EXERCISE REQUIREMENTS: Filter the listing below, keeping only the lines with the word "extzD".

DATA SECTION:
Lemma extz_sum (I : finType) (F : I -> Div H) :
  extz fV (\sum_i F i) = \sum_i extz fV (F i).
Proof.
apply/ffunP => u; rewrite ffunE sum_ffunE.
under eq_bigr do rewrite sum_ffunE.
by rewrite exchange_big /=; apply: eq_bigr => i _; rewrite ffunE.
Qed.

Lemma deg_extz (D : Div H) : deg (extz fV D) = deg D.
Proof. by rewrite /deg (partition_big fV predT) //=; apply: eq_bigr => u _; rewrite ffunE. Qed.

Lemma effective_extz (D : Div H) : effective D -> effective (extz fV D).
Proof. by move=> h u; rewrite ffunE sumr_ge0. Qed.

Lemma edge_inum_emb e x u :
  edge_inum (fE e) x u = \sum_(a | fV a == x) \sum_(b | fV b == u) edge_inum e a b.
Proof.
have fV_eq y a : (fV a == fV y) = (a == y) by rewrite (inj_eq emb_injV).
case: (pickP (fun a => fV a == x)) => [a /eqP <- | /= hx]; last first.
  by rewrite big_pred0 // /edge_inum emb_ends /= !hx !muln0 !mul0n !addn0.
rewrite (big_pred1 a) => [|a']; last exact: fV_eq.
case: (pickP (fun b => fV b == u)) => [b /eqP <- | /= hu]; last first.
  by rewrite big_pred0 // /edge_inum emb_ends /= !hu !muln0 !mul0n subr0.
rewrite (big_pred1 b) => [|b']; last exact: fV_eq.
by rewrite /edge_inum emb_ends /= !fV_eq.
Qed.

Lemma sum_edge_inum_emb x u :
  \sum_e edge_inum (fE e) x u = \sum_(a | fV a == x) extz fV (Tdiv a) u.
Proof.
under eq_bigr do rewrite edge_inum_emb.
rewrite exchange_big /=; apply: eq_bigr => a _.
rewrite exchange_big /= ffunE; apply: eq_bigr => b _.
by rewrite ffunE inum_edge_sum.
Qed.

End ExtensionByZero.

Lemma regroup_sum (H G : graph) (f : vert H -> vert G) (F : vert H -> Div G) (c : Div G) :
  \sum_x (\sum_(a | f a == x) F a) *~ c x = \sum_a F a *~ c (f a).
Proof.
rewrite [RHS](partition_big f predT) //=; apply: eq_bigr => x _.
by rewrite mulrz_suml; apply: eq_bigr => a /eqP ->.
Qed.

Lemma decompositionC (G H1 H2 : graph) (v : vert G)
  (fV1 : vert H1 -> vert G) (fE1 : edge H1 -> edge G)
  (fV2 : vert H2 -> vert G) (fE2 : edge H2 -> edge G) :
  decomposition v fV1 fE1 fV2 fE2 -> decomposition v fV2 fE2 fV1 fE1.
Proof.
case=> [[e1 e2] [c1 c2] [hx [hy hm]] hd [hc hec]]; split => //.
- by split => //; split => // y x h; rewrite h; apply: (hm x y); rewrite h.
- by move=> a b h; apply: (hd b a); rewrite h.
- by split => u; [case: (hc u) | case: (hec u)]; auto.
Qed.

Lemma dsumC (G H1 H2 : graph) (fV1 : vert H1 -> vert G) (fV2 : vert H2 -> vert G) D1 D2 :
  dsum fV1 fV2 D1 D2 = dsum fV2 fV1 D2 D1.
Proof. by rewrite /dsum addrC. Qed.

Section DecompositionSide.
Variables (G H1 H2 : graph) (v : vert G)
  (fV1 : vert H1 -> vert G) (fE1 : edge H1 -> edge G)
  (fV2 : vert H2 -> vert G) (fE2 : edge H2 -> edge G)
  (v1 : vert H1) (v2 : vert H2).
Hypothesis dec : decomposition v fV1 fE1 fV2 fE2.
Hypotheses (hv1 : fV1 v1 = v) (hv2 : fV2 v2 = v).

Lemma decomp_emb1 : subgraph_emb fV1 fE1. Proof. by case: dec => -[]. Qed.
Lemma decomp_emb2 : subgraph_emb fV2 fE2. Proof. by case: dec => -[]. Qed.

Lemma decomp_meet a b : fV1 a = fV2 b -> a = v1 /\ b = v2.
Proof.
case: dec => _ _ [_ [_ hm]] _ _ h.
have ha : fV1 a = v by apply: hm h.
split; first by apply: (emb_injV decomp_emb1); rewrite ha hv1.
by apply: (emb_injV decomp_emb2); rewrite -h ha hv2.
Qed.

Lemma decomp_sum_edge (F : edge G -> int) :
  \sum_e F e = \sum_e1 F (fE1 e1) + \sum_e2 F (fE2 e2).
Proof.
have [[[_ inj1 _] [_ inj2 _]] _ _ disj [_ cov]] := dec.
rewrite (bigID (fun e => e \in fE1 @: [set: edge H1])) /=.
rewrite big_imset /=; last by move=> x y _ _; apply: inj1.
rewrite (eq_bigl (fun e => e \in fE2 @: [set: edge H2])).
  rewrite big_imset /=; last by move=> x y _ _; apply: inj2.
  by congr (_ + _); apply: eq_bigl => x; rewrite inE.
move=> e /=; case: (cov e) => [[e1 <-]|[e2 <-]].
  rewrite imset_f ?inE //=; apply/esym/negbTE/imsetP => -[e2 _ h].
  exact: (disj e1 e2).
rewrite (imset_f _ (in_setT e2)) /=; apply/negP => /imsetP [e1 _ h].
exact: (disj e1 e2 (esym h)).
Qed.

Lemma Tdiv_decomp x : Tdiv x = \sum_(a | fV1 a == x) extz fV1 (Tdiv a)
                             + \sum_(b | fV2 b == x) extz fV2 (Tdiv b).
Proof.
apply/ffunP => u; rewrite ffunE inum_edge_sum decomp_sum_edge [RHS]ffunE !sum_ffunE.
by rewrite (sum_edge_inum_emb decomp_emb1) (sum_edge_inum_emb decomp_emb2).
Qed.

Lemma extz_Tdiv a : a != v1 -> extz fV1 (Tdiv a) = Tdiv (fV1 a).
Proof.
move=> na; rewrite Tdiv_decomp (big_pred1 a) => [|a']; last first.
  by rewrite /= (inj_eq (emb_injV decomp_emb1)).
rewrite big_pred0 ?addr0 // => b; apply/negbTE/eqP => h.
by case: (decomp_meet (esym h)) => ha _; rewrite ha eqxx in na.
Qed.

(* T_{v1} is not covered by extz_Tdiv; it is minus the sum of the others. *)
Lemma isPrin_extz (D : Div H1) : isPrin D -> isPrin (extz fV1 D).
Proof.
move=> [c ->]; rewrite (extz_sum fV1); apply: isPrin_sum => a _.
rewrite (extzMz fV1); apply: isPrinMz.
case: (eqVneq a v1) => [->|na]; last by rewrite extz_Tdiv //; apply: isPrin_Tdiv.
have := congr1 (extz fV1) (sum_Tdiv H1).
rewrite (extz0 fV1) (extz_sum fV1) (bigD1 v1) //= => /eqP; rewrite addr_eq0 => /eqP ->.
by apply/isPrinN/isPrin_sum => b nb; rewrite extz_Tdiv //; apply: isPrin_Tdiv.
Qed.

Lemma dsum_im1 (D1 : Div H1) (D2 : Div H2) a : a != v1 -> dsum fV1 fV2 D1 D2 (fV1 a) = D1 a.
Proof.
move=> na; rewrite /dsum ffunE (extz_im decomp_emb1) (extz_notin (fV := fV2)) ?addr0 // => b.
by apply/eqP => h; case: (decomp_meet (esym h)) => ha _; rewrite ha eqxx in na.
Qed.

Lemma dsum_cut (D1 : Div H1) (D2 : Div H2) : dsum fV1 fV2 D1 D2 v = D1 v1 + D2 v2.
Proof. by rewrite /dsum ffunE -{1}hv1 (extz_im decomp_emb1) -hv2 (extz_im decomp_emb2). Qed.

End DecompositionSide.

Section Decomposition.
Variables (G H1 H2 : graph) (v : vert G)
  (fV1 : vert H1 -> vert G) (fE1 : edge H1 -> edge G)
  (fV2 : vert H2 -> vert G) (fE2 : edge H2 -> edge G)
  (v1 : vert H1) (v2 : vert H2).
Hypothesis dec : decomposition v fV1 fE1 fV2 fE2.
Hypotheses (hv1 : fV1 v1 = v) (hv2 : fV2 v2 = v).

Lemma dsum_im2 D1 D2 b : b != v2 -> dsum fV1 fV2 D1 D2 (fV2 b) = D2 b.
Proof. by move=> nb; rewrite dsumC (dsum_im1 (decompositionC dec) hv2 hv1). Qed.

Lemma decomp_cover u : (exists a, fV1 a = u) \/ (exists b, fV2 b = u).
Proof. by case: dec => _ _ _ _ []. Qed.

Lemma dsumD D1 D1' D2 D2' :
  dsum fV1 fV2 (D1 + D1') (D2 + D2') = dsum fV1 fV2 D1 D2 + dsum fV1 fV2 D1' D2'.
Proof. by rewrite /dsum (extzD fV1) (extzD fV2) addrACA. Qed.

Lemma dsumB D1 D1' D2 D2' :
  dsum fV1 fV2 (D1 - D1') (D2 - D2') = dsum fV1 fV2 D1 D2 - dsum fV1 fV2 D1' D2'.
Proof. by rewrite dsumD /dsum (extzN fV1) (extzN fV2) opprD. Qed.

Lemma deg_dsum D1 D2 : deg (dsum fV1 fV2 D1 D2) = deg D1 + deg D2.
Proof. by rewrite /dsum degD !deg_extz. Qed.

Lemma isPrin_dsum D1 D2 : isPrin D1 -> isPrin D2 -> isPrin (dsum fV1 fV2 D1 D2).
Proof.
move=> h1 h2; apply: isPrinD; first exact: (isPrin_extz dec hv1 hv2).
exact: (isPrin_extz (decompositionC dec) hv2 hv1).
Qed.

Lemma lequiv_dsum D1 D1' D2 D2' : lequiv D1 D1' -> lequiv D2 D2' ->
  lequiv (dsum fV1 fV2 D1 D2) (dsum fV1 fV2 D1' D2').
Proof. by rewrite /lequiv -dsumB; apply: isPrin_dsum. Qed.

Definition split1 (E : Div G) : Div H1 := [ffun a => E (fV1 a)].
Definition split2 (E : Div G) : Div H2 := [ffun b => if b == v2 then 0 else E (fV2 b)].

Lemma dsum_split (E : Div G) : dsum fV1 fV2 (split1 E) (split2 E) = E.
Proof.
apply/ffunP => u; case: (decomp_cover u) => [[a <-]|[b <-]].
  case: (eqVneq a v1) => [->|na]; last by rewrite (dsum_im1 dec hv1 hv2) // ffunE.
  by rewrite hv1 (dsum_cut dec hv1 hv2) !ffunE eqxx addr0 hv1.
case: (eqVneq b v2) => [->|nb]; last by rewrite dsum_im2 // ffunE (negbTE nb).
by rewrite hv2 (dsum_cut dec hv1 hv2) !ffunE eqxx addr0 hv1.
Qed.

Lemma effective_split1 E : effective E -> effective (split1 E).
Proof. by move=> h a; rewrite ffunE. Qed.

Lemma effective_split2 E : effective E -> effective (split2 E).
Proof. by move=> h b; rewrite ffunE; case: ifP. Qed.

Lemma dsum_eq0 D1 D2 : dsum fV1 fV2 D1 D2 = 0 <->
  exists n : int, D1 = ptdiv v1 *~ n /\ D2 = - (ptdiv v2 *~ n).
Proof.
have ptE (T : graph) (x y : vert T) n : (ptdiv x *~ n) y = (y == x)%:Z *~ n.
  by rewrite ffunMzE ffunE.
split=> [h|[n [-> ->]]].
  exists (D1 v1); split; apply/ffunP => a; rewrite ?ffunE ptE.
    case: (eqVneq a v1) => [->|na]; first exact/esym/intz.
    by rewrite -(dsum_im1 dec hv1 hv2 D1 D2 na) h ffunE mul0rz.
  case: (eqVneq a v2) => [->|na]; last by rewrite -(dsum_im2 D1 D2 na) h ffunE mul0rz oppr0.
  have := dsum_cut dec hv1 hv2 D1 D2; rewrite h ffunE => /eqP; rewrite eq_sym addr_eq0.
  by move/eqP ->; rewrite intz opprK.
apply/ffunP => u; case: (decomp_cover u) => [[a <-]|[b <-]].
  case: (eqVneq a v1) => [->|na].
    by rewrite hv1 (dsum_cut dec hv1 hv2) !ffunE !ptE !eqxx subrr.
  by rewrite (dsum_im1 dec hv1 hv2) // ffunE ptE (negbTE na) mul0rz.
case: (eqVneq b v2) => [->|nb].
  by rewrite hv2 (dsum_cut dec hv1 hv2) !ffunE !ptE !eqxx subrr.
by rewrite dsum_im2 // !ffunE ptE (negbTE nb) mul0rz oppr0.
Qed.

Lemma isPrin_dsum_eq0 D1 D2 : isPrin D1 -> isPrin D2 -> dsum fV1 fV2 D1 D2 = 0 ->
  D1 = 0 /\ D2 = 0.
Proof.
move=> h1 h2 /dsum_eq0 [n [hn1 hn2]].
have n0 : n = 0 by apply: (isPrin_ptdivMz (x := v1)); rewrite -hn1.
by rewrite hn1 hn2 n0 mulr0z oppr0.
Qed.

Lemma isPrin_split P : isPrin P -> exists D1 D2,
  [/\ isPrin D1, isPrin D2 & dsum fV1 fV2 D1 D2 = P].
Proof.
move=> [c ->].
exists (\sum_a Tdiv a *~ c (fV1 a)), (\sum_b Tdiv b *~ c (fV2 b)); split.
- by exists [ffun a => c (fV1 a)]; apply: eq_bigr => a _; rewrite ffunE.
- by exists [ffun b => c (fV2 b)]; apply: eq_bigr => b _; rewrite ffunE.
rewrite /dsum (extz_sum fV1) (extz_sum fV2).
under [RHS]eq_bigr do rewrite (Tdiv_decomp dec) mulrzDl.
rewrite big_split /= !regroup_sum.
by congr (_ + _); apply: eq_bigr => a _; rewrite extzMz.
Qed.

Lemma isPrin_dsumP D1 D2 : isPrin (dsum fV1 fV2 D1 D2) <->
  exists n : int, lequiv D1 (ptdiv v1 *~ n) /\ lequiv D2 (- (ptdiv v2 *~ n)).
Proof.
split=> [/isPrin_split [P1 [P2 [h1 h2 hP]]] | [n [h1 h2]]].
  have : dsum fV1 fV2 (D1 - P1) (D2 - P2) = 0 by rewrite dsumB hP subrr.
  move/dsum_eq0 => [n [hn1 hn2]]; exists n.
  by rewrite /lequiv -hn1 -hn2 !opprB !(addrC _ (_ - _)) !subrK.
have -> : dsum fV1 fV2 D1 D2 = dsum fV1 fV2 (D1 - ptdiv v1 *~ n) (D2 - - (ptdiv v2 *~ n))
   + dsum fV1 fV2 (ptdiv v1 *~ n) (- (ptdiv v2 *~ n)) by rewrite -dsumD !subrK.
have /dsum_eq0 -> : exists m, ptdiv v1 *~ n = ptdiv v1 *~ m /\
  - (ptdiv v2 *~ n) = - (ptdiv v2 *~ m) by exists n.
by rewrite addr0; apply: isPrin_dsum.
Qed.

Lemma lequiv_extz (D D' : Div H1) : lequiv D D' <-> lequiv (extz fV1 D) (extz fV1 D').
Proof.
rewrite /lequiv -(extzB fV1); split; first exact: (isPrin_extz dec hv1 hv2).
rewrite -[extz fV1 _]addr0 -(extz0 fV2) => /isPrin_dsumP [n [h1 h2]].
move: h2; rewrite /lequiv sub0r opprK => /isPrin_ptdivMz hn.
by move: h1; rewrite /lequiv hn mulr0z subr0.
Qed.

Lemma rank_dsum D1 D2 : Order.min (rank D1) (rank D2) <= rank (dsum fV1 fV2 D1 D2).
Proof.
apply: (rank_ge_cond v) => n; rewrite le_min => /andP [/(rank_geP v1) r1 /(rank_geP v2) r2].
move=> E hE dE.
have hE1 := effective_split1 hE; have hE2 := effective_split2 hE.
have := deg_dsum (split1 E) (split2 E); rewrite dsum_split dE => dd.
have := deg_effective_ge0 hE1; have := deg_effective_ge0 hE2 => g2 g1.
have [F1 [hF1 l1]] : linsys_ne (D1 - split1 E).
  by apply: (rank_condW v1 r1 (_ : absz (deg (split1 E)) <= n)%N) => //; lia.
have [F2 [hF2 l2]] : linsys_ne (D2 - split2 E).
  by apply: (rank_condW v2 r2 (_ : absz (deg (split2 E)) <= n)%N) => //; lia.
exists (dsum fV1 fV2 F1 F2); split.
  exact: effectiveD (effective_extz _ hF1) (effective_extz _ hF2).
by rewrite -[X in _ - X](dsum_split E) -dsumB; apply: lequiv_dsum.
Qed.

Lemma linsys_extz (D : Div H1) : linsys_ne (extz fV1 D) -> linsys_ne D.
Proof.
move=> [F [hF /isPrin_split [P1 [P2 [h1 h2 hP]]]]].
have hFd : F = dsum fV1 fV2 (D + P1) P2.
  by rewrite /dsum (extzD fV1) -addrA -/(dsum fV1 fV2 P1 P2) hP addrC subrK.
have hP2 : P2 v2 <= 0.
  have := deg_isPrin h2; rewrite /deg (bigD1 v2) //= => /eqP; rewrite addr_eq0 => /eqP ->.
  by rewrite oppr_le0 sumr_ge0 // => b nb; rewrite -(dsum_im2 (D + P1) P2 nb) -hFd.
exists (D + P1); split; last by rewrite /lequiv [D + P1]addrC addrK.
move=> a; case: (eqVneq a v1) => [->|na].
  have := hF v; rewrite hFd (dsum_cut dec hv1 hv2) => hv.
  by apply: le_trans hv _; rewrite gerDl.
by rewrite -(dsum_im1 dec hv1 hv2 (D + P1) P2 na) -hFd; apply: hF.
Qed.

ANSWER SPACE:
Proof. by rewrite /dsum (extzD fV1) (extzD fV2) addrACA. Qed.
  by rewrite /dsum (extzD fV1) -addrA -/(dsum fV1 fV2 P1 P2) hP addrC subrK.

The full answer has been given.